◆ **ABOUT THIS TASK**
Scan the data below for the string "FreeMetabelian". Copy every line where it appears.

◆ **DATA RECORDS**
Lemma gen_span_phi_ab0 d : gen_span br x d -> phi_ab d = 0 -> comm_span br x d.
Proof.
case=> c [w [w_comm ->]] d0.
have w0 := phi_ab_in_derived (comm_span_in_derived lie_br w_comm).
have c0 k : c k = 0.
  have := congr1 (fun a : {ffun 'I_n -> K^o} => a k) d0.
  rewrite /= phi_abD w0 addr0 phi_ab_sum sum_ffunE ffunE => <-.
  rewrite (bigD1 k) //= big1 ?addr0 => [|i /negPf ik]; rewrite phi_abZ phi_ab_x !ffunE.
    by rewrite eqxx [_ *: _]mulr1.
  by rewrite eq_sym ik [_ *: _]mulr0.
by rewrite big1 ?add0r // => i _; rewrite c0 scale0r.
Qed.

Lemma phi_mod_br_sum_gens d : phi_ab d = 0 ->
  phi_mod (br (\sum_i x i) d) = [ffun c => - ((\sum_i 'X_i) * phi_mod d c)].
Proof.
move=> d0; apply/ffunP => c; rewrite phi_mod_br !ffunE d0 linform0 mul0r sub0r.
by rewrite phi_ab_sum linform_sum; under eq_bigr => i _ do rewrite phi_ab_x linform_delta.
Qed.

Lemma sum_gens_br_eq0 (i0 : 'I_n) d :
  gen_span br x d -> phi_ab d = 0 -> br (\sum_i x i) d = 0 -> d = 0.
Proof.
move=> d_gen d0 br0; apply: phi_mod_inj_comm_span; first exact: gen_span_phi_ab0.
apply/ffunP => c; have := congr1 (fun v => phi_mod v c) br0.
rewrite phi_mod_br_sum_gens // phi_mod0 !ffunE => /eqP.
by rewrite oppr_eq0 mulf_eq0 (negPf (sum_mpolyX_neq0 _ i0)) => /eqP.
Qed.

End MagnusEmbedding.

Section FreeMetabelian.
Variables (K : fieldType) (n : nat) (L : lmodType K) (br : L -> L -> L) (x : 'I_n -> L).
Hypotheses (lie_br : is_lie br) (meta_br : metabelian br).
Hypothesis charK : [pchar K] =i pred0.
Hypothesis free_x : free_metabelian br x.

Lemma free_metabelian_sum_gens_br_inj (i0 : 'I_n) u u' :
  in_derived br u -> in_derived br u' -> br (\sum_i x i) u = br (\sum_i x i) u' -> u = u'.
Proof.
move=> du du' e; apply/eqP; rewrite -subr_eq0; apply/eqP.
have [phi [hom_phi phi_x _]] :=
  free_x (@magnus_lie K n) (@magnus_metabelian K n) (@magnus_gen K n).
apply: (sum_gens_br_eq0 lie_br meta_br charK hom_phi phi_x i0).
- exact: free_metabelian_gen_span.
- exact (phi_ab_in_derived hom_phi (in_derivedB lie_br du du')).
- by rewrite (brBr lie_br) e subrr.
Qed.

End FreeMetabelian.

Unset Implicit Arguments.

Theorem theorem2p1 (K : fieldType) (charK : [pchar K] =i pred0)
  (n : nat) (hn : (2 <= n)%N)
  (L : lmodType K) (br : L -> L -> L) (hL : is_lie br) (hmeta : metabelian br)
  (x : 'I_n -> L) (hfree : free_metabelian br x)
  (u : L) (hu : in_derived br u) :
  (forall v : L, is_symmetric br x v -> is_symmetric br x (psi br u v))
  <-> is_symmetric br x u.
Proof.
split=> [psi_sym | u_sym v v_sym]; last exact: psi_symmetric.
move=> pi f f_pi; have [hom_f _] := f_pi.
have s_sym := @sum_gens_symmetric _ _ _ br x.
have := psi_sym _ s_sym pi f f_pi.
rewrite /psi (lie_homD hom_f) (lie_hom_br hom_f) (s_sym pi f f_pi) => /addrI.
have i0 : 'I_n := Ordinal (ltnW hn).
exact: free_metabelian_sum_gens_br_inj hL hmeta charK hfree i0 _ _
  (lie_hom_in_derived hom_f hu) hu.
Qed.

◆ **TASK OUTPUT**
Section FreeMetabelian.
End FreeMetabelian.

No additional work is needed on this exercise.